■ Exercise
Transcribe the whole listing precisely, leaving nothing out.

· · · ·

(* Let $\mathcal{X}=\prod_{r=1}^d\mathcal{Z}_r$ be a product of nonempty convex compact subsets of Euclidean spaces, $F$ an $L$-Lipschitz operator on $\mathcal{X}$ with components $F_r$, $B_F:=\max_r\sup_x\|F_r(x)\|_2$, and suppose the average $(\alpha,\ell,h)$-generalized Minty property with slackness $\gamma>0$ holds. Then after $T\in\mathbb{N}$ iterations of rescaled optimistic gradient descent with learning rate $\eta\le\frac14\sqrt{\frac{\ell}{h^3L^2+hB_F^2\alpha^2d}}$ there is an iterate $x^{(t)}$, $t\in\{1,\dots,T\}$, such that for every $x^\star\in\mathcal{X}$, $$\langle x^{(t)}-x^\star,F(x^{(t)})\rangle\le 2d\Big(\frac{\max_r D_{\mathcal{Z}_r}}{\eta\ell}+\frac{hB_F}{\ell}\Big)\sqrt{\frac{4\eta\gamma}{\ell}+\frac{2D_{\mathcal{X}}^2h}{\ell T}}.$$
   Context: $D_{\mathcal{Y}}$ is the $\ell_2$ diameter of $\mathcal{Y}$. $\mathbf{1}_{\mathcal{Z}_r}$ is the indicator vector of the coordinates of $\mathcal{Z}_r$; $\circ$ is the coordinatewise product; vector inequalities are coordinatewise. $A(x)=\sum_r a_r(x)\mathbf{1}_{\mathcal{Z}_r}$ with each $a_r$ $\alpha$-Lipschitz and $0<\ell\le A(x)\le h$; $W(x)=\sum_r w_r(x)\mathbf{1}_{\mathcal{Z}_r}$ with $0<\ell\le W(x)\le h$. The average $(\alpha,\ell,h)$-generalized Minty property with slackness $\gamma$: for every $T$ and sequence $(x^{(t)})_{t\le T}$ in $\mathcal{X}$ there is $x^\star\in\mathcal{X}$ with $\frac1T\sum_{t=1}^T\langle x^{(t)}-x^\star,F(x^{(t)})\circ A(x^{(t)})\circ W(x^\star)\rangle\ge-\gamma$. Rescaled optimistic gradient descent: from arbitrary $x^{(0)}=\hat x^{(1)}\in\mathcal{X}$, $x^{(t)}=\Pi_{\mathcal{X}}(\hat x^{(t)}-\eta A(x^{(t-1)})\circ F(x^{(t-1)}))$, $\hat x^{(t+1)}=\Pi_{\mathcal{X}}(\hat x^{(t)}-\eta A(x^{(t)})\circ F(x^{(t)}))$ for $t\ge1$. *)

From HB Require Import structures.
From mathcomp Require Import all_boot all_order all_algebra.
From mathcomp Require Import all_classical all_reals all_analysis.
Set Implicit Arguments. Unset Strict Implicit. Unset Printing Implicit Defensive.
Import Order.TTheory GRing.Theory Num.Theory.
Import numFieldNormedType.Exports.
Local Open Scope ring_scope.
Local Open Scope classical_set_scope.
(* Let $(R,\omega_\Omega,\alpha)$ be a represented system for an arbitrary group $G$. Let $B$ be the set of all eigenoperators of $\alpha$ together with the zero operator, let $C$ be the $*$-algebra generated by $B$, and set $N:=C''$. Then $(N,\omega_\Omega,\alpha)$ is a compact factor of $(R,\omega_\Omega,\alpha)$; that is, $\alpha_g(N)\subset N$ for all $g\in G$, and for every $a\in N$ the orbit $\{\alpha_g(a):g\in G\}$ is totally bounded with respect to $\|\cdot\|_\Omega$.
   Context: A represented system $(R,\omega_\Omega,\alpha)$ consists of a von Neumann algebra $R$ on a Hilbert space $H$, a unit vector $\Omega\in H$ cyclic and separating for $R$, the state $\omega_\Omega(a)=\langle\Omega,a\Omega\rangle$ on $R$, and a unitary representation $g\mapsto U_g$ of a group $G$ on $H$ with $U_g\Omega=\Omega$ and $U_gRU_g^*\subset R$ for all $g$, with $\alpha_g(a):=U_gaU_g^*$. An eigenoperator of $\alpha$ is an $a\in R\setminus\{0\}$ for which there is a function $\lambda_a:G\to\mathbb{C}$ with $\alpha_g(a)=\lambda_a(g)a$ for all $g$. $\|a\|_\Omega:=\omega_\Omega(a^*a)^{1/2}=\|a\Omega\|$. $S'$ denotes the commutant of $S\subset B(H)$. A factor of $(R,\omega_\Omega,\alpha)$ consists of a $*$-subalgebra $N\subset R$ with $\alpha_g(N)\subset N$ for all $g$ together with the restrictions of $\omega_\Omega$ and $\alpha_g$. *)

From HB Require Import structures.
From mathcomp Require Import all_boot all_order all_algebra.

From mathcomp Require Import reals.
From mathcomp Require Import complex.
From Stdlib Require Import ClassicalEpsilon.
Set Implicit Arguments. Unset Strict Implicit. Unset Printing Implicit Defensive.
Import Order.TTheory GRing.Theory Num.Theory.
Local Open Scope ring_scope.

· · · ·

■ Response area
(* Let $\mathcal{X}=\prod_{r=1}^d\mathcal{Z}_r$ be a product of nonempty convex compact subsets of Euclidean spaces, $F$ an $L$-Lipschitz operator on $\mathcal{X}$ with components $F_r$, $B_F:=\max_r\sup_x\|F_r(x)\|_2$, and suppose the average $(\alpha,\ell,h)$-generalized Minty property with slackness $\gamma>0$ holds. Then after $T\in\mathbb{N}$ iterations of rescaled optimistic gradient descent with learning rate $\eta\le\frac14\sqrt{\frac{\ell}{h^3L^2+hB_F^2\alpha^2d}}$ there is an iterate $x^{(t)}$, $t\in\{1,\dots,T\}$, such that for every $x^\star\in\mathcal{X}$, $$\langle x^{(t)}-x^\star,F(x^{(t)})\rangle\le 2d\Big(\frac{\max_r D_{\mathcal{Z}_r}}{\eta\ell}+\frac{hB_F}{\ell}\Big)\sqrt{\frac{4\eta\gamma}{\ell}+\frac{2D_{\mathcal{X}}^2h}{\ell T}}.$$
   Context: $D_{\mathcal{Y}}$ is the $\ell_2$ diameter of $\mathcal{Y}$. $\mathbf{1}_{\mathcal{Z}_r}$ is the indicator vector of the coordinates of $\mathcal{Z}_r$; $\circ$ is the coordinatewise product; vector inequalities are coordinatewise. $A(x)=\sum_r a_r(x)\mathbf{1}_{\mathcal{Z}_r}$ with each $a_r$ $\alpha$-Lipschitz and $0<\ell\le A(x)\le h$; $W(x)=\sum_r w_r(x)\mathbf{1}_{\mathcal{Z}_r}$ with $0<\ell\le W(x)\le h$. The average $(\alpha,\ell,h)$-generalized Minty property with slackness $\gamma$: for every $T$ and sequence $(x^{(t)})_{t\le T}$ in $\mathcal{X}$ there is $x^\star\in\mathcal{X}$ with $\frac1T\sum_{t=1}^T\langle x^{(t)}-x^\star,F(x^{(t)})\circ A(x^{(t)})\circ W(x^\star)\rangle\ge-\gamma$. Rescaled optimistic gradient descent: from arbitrary $x^{(0)}=\hat x^{(1)}\in\mathcal{X}$, $x^{(t)}=\Pi_{\mathcal{X}}(\hat x^{(t)}-\eta A(x^{(t-1)})\circ F(x^{(t-1)}))$, $\hat x^{(t+1)}=\Pi_{\mathcal{X}}(\hat x^{(t)}-\eta A(x^{(t)})\circ F(x^{(t)}))$ for $t\ge1$. *)

From HB Require Import structures.
From mathcomp Require Import all_boot all_order all_algebra.
From mathcomp Require Import all_classical all_reals all_analysis.
Set Implicit Arguments. Unset Strict Implicit. Unset Printing Implicit Defensive.
Import Order.TTheory GRing.Theory Num.Theory.
Import numFieldNormedType.Exports.
Local Open Scope ring_scope.
Local Open Scope classical_set_scope.
(* Let $(R,\omega_\Omega,\alpha)$ be a represented system for an arbitrary group $G$. Let $B$ be the set of all eigenoperators of $\alpha$ together with the zero operator, let $C$ be the $*$-algebra generated by $B$, and set $N:=C''$. Then $(N,\omega_\Omega,\alpha)$ is a compact factor of $(R,\omega_\Omega,\alpha)$; that is, $\alpha_g(N)\subset N$ for all $g\in G$, and for every $a\in N$ the orbit $\{\alpha_g(a):g\in G\}$ is totally bounded with respect to $\|\cdot\|_\Omega$.
   Context: A represented system $(R,\omega_\Omega,\alpha)$ consists of a von Neumann algebra $R$ on a Hilbert space $H$, a unit vector $\Omega\in H$ cyclic and separating for $R$, the state $\omega_\Omega(a)=\langle\Omega,a\Omega\rangle$ on $R$, and a unitary representation $g\mapsto U_g$ of a group $G$ on $H$ with $U_g\Omega=\Omega$ and $U_gRU_g^*\subset R$ for all $g$, with $\alpha_g(a):=U_gaU_g^*$. An eigenoperator of $\alpha$ is an $a\in R\setminus\{0\}$ for which there is a function $\lambda_a:G\to\mathbb{C}$ with $\alpha_g(a)=\lambda_a(g)a$ for all $g$. $\|a\|_\Omega:=\omega_\Omega(a^*a)^{1/2}=\|a\Omega\|$. $S'$ denotes the commutant of $S\subset B(H)$. A factor of $(R,\omega_\Omega,\alpha)$ consists of a $*$-subalgebra $N\subset R$ with $\alpha_g(N)\subset N$ for all $g$ together with the restrictions of $\omega_\Omega$ and $\alpha_g$. *)

From HB Require Import structures.
From mathcomp Require Import all_boot all_order all_algebra.

From mathcomp Require Import reals.
From mathcomp Require Import complex.
From Stdlib Require Import ClassicalEpsilon.
Set Implicit Arguments. Unset Strict Implicit. Unset Printing Implicit Defensive.
Import Order.TTheory GRing.Theory Num.Theory.
Local Open Scope ring_scope.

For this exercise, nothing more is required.